(DATA SECTION)

(* Let $\Gamma$ be a set of axioms. Then $\mathsf{ICK}\oplus\Gamma$ is sound and complete with respect to the class of conditional Esakia spaces that validate $\Gamma$.
   Context: Formulas are generated by $\phi ::= p\mid\bot\mid\phi\wedge\phi\mid\phi\vee\phi\mid\phi\to\phi\mid\phi\mathrel{\Box\!\!\!\rightarrow}\phi$. $\mathsf{ICK}\oplus\Gamma$ is the smallest set of formulas containing intuitionistic propositional logic, $\Gamma$, $(p\mathrel{\Box\!\!\!\rightarrow}(q\wedge r))\leftrightarrow((p\mathrel{\Box\!\!\!\rightarrow} q)\wedge(p\mathrel{\Box\!\!\!\rightarrow} r))$ and $(p\mathrel{\Box\!\!\!\rightarrow}\top)\leftrightarrow\top$, closed under uniform substitution, modus ponens, and the congruence rules (from $p\leftrightarrow q$ infer $(p\mathrel{\Box\!\!\!\rightarrow} r)\leftrightarrow(q\mathrel{\Box\!\!\!\rightarrow} r)$ and $(r\mathrel{\Box\!\!\!\rightarrow} p)\leftrightarrow(r\mathrel{\Box\!\!\!\rightarrow} q)$). A conditional Esakia space is an Esakia space $(X,\leq,\tau)$ with relations $\{R_a\mid a \text{ a clopen upset}\}$ such that $\{x\mid R_a[x]\subseteq b\}$ is clopen for all clopen upsets $a,b$, $(\leq\circ R_a\circ\leq)=R_a$, and each $R_a[x]$ is closed. Formulas are interpreted with valuations assigning clopen upsets to proposition letters, intuitionistic clauses as in Kripke semantics, and $x\models\phi\mathrel{\Box\!\!\!\rightarrow}\psi$ iff every $y$ with $xR_{V(\phi)}y$ satisfies $\psi$; a space validates $\phi$ if $\phi$ is true at every world under every clopen valuation. *)

From mathcomp Require Import all_boot all_classical topology.

Set Implicit Arguments.
Unset Strict Implicit.
Unset Printing Implicit Defensive.

Local Open Scope classical_set_scope.

Inductive form : Type :=
  | Var : nat -> form
  | Bot : form
  | And : form -> form -> form
  | Or  : form -> form -> form
  | Imp : form -> form -> form
  | Cond : form -> form -> form.

Definition Top : form := Imp Bot Bot.
Definition Iff (a b : form) : form := And (Imp a b) (Imp b a).

Fixpoint subst (s : nat -> form) (f : form) : form :=
  match f with
  | Var n => s n
  | Bot => Bot
  | And a b => And (subst s a) (subst s b)
  | Or a b => Or (subst s a) (subst s b)
  | Imp a b => Imp (subst s a) (subst s b)
  | Cond a b => Cond (subst s a) (subst s b)
  end.

Inductive ICK (Gamma : form -> Prop) : form -> Prop :=
  | ipc_k a b : ICK Gamma (Imp a (Imp b a))
  | ipc_s a b c :
      ICK Gamma (Imp (Imp a (Imp b c)) (Imp (Imp a b) (Imp a c)))
  | ipc_and1 a b : ICK Gamma (Imp (And a b) a)
  | ipc_and2 a b : ICK Gamma (Imp (And a b) b)
  | ipc_andI a b : ICK Gamma (Imp a (Imp b (And a b)))
  | ipc_or1 a b : ICK Gamma (Imp a (Or a b))
  | ipc_or2 a b : ICK Gamma (Imp b (Or a b))
  | ipc_orE a b c :
      ICK Gamma (Imp (Imp a c) (Imp (Imp b c) (Imp (Or a b) c)))
  | ipc_efq a : ICK Gamma (Imp Bot a)
  | ick_gamma g : Gamma g -> ICK Gamma g
  | ick_and :
      ICK Gamma (Iff (Cond (Var 0) (And (Var 1) (Var 2)))
                     (And (Cond (Var 0) (Var 1)) (Cond (Var 0) (Var 2))))
  | ick_top : ICK Gamma (Iff (Cond (Var 0) Top) Top)
  | ick_subst s f : ICK Gamma f -> ICK Gamma (subst s f)
  | ick_mp a b : ICK Gamma (Imp a b) -> ICK Gamma a -> ICK Gamma b
  | ick_congl p q r :
      ICK Gamma (Iff p q) -> ICK Gamma (Iff (Cond p r) (Cond q r))
  | ick_congr p q r :
      ICK Gamma (Iff p q) -> ICK Gamma (Iff (Cond r p) (Cond r q)).

Section Spaces.
Variable X : topologicalType.
Variable le : X -> X -> Prop.

Definition upset (A : set X) : Prop := forall x y, le x y -> A x -> A y.
Definition downclosure (A : set X) : set X := [set x | exists2 y, A y & le x y].
Definition clopen_upset (A : set X) : Prop := clopen A /\ upset A.

Definition esakia_space : Prop :=
  (forall x, le x x) /\
  (forall x y, le x y -> le y x -> x = y) /\
  (forall x y z, le x y -> le y z -> le x z) /\
  compact [set: X] /\
  (forall x y, ~ le x y -> exists U, [/\ clopen_upset U, U x & ~ U y]) /\
  (forall U, clopen U -> clopen (downclosure U)).

(* R a x y  means  x R_a y ; only the values at clopen upsets a matter. *)
Definition image_of (R : set X -> X -> X -> Prop) (a : set X) (x : X) : set X :=
  [set y | R a x y].

Definition conditional_esakia_space (R : set X -> X -> X -> Prop) : Prop :=
  [/\ esakia_space,
      (forall a b, clopen_upset a -> clopen_upset b ->
         clopen [set x | image_of R a x `<=` b]),
      (forall a, clopen_upset a ->
         forall x y, R a x y <->
           exists x', exists y', [/\ le x x', R a x' y' & le y' y]) &
      (forall a, clopen_upset a -> forall x, closed (image_of R a x))].

Definition valuation (V : nat -> set X) : Prop := forall n, clopen_upset (V n).

Fixpoint truth (R : set X -> X -> X -> Prop) (V : nat -> set X) (f : form)
  : set X :=
  match f with
  | Var n => V n
  | Bot => set0
  | And a b => truth R V a `&` truth R V b
  | Or a b => truth R V a `|` truth R V b
  | Imp a b => [set x | forall y, le x y -> truth R V a y -> truth R V b y]
  | Cond a b => [set x | forall y, R (truth R V a) x y -> truth R V b y]
  end.

Definition valid (R : set X -> X -> X -> Prop) (f : form) : Prop :=
  forall V, valuation V -> forall x, truth R V f x.

End Spaces.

(End DATA SECTION)

- **EXERCISE PROMPT**: The output should be exactly the lines above from the line containing "Imp : form -> form -> form" to the line containing "(And a b) b)", inclusive, with no other lines.

- **OUTPUT FOR THIS TASK**:
  | Imp : form -> form -> form
  | Cond : form -> form -> form.

Definition Top : form := Imp Bot Bot.
Definition Iff (a b : form) : form := And (Imp a b) (Imp b a).

Fixpoint subst (s : nat -> form) (f : form) : form :=
  match f with
  | Var n => s n
  | Bot => Bot
  | And a b => And (subst s a) (subst s b)
  | Or a b => Or (subst s a) (subst s b)
  | Imp a b => Imp (subst s a) (subst s b)
  | Cond a b => Cond (subst s a) (subst s b)
  end.

Inductive ICK (Gamma : form -> Prop) : form -> Prop :=
  | ipc_k a b : ICK Gamma (Imp a (Imp b a))
  | ipc_s a b c :
      ICK Gamma (Imp (Imp a (Imp b c)) (Imp (Imp a b) (Imp a c)))
  | ipc_and1 a b : ICK Gamma (Imp (And a b) a)
  | ipc_and2 a b : ICK Gamma (Imp (And a b) b)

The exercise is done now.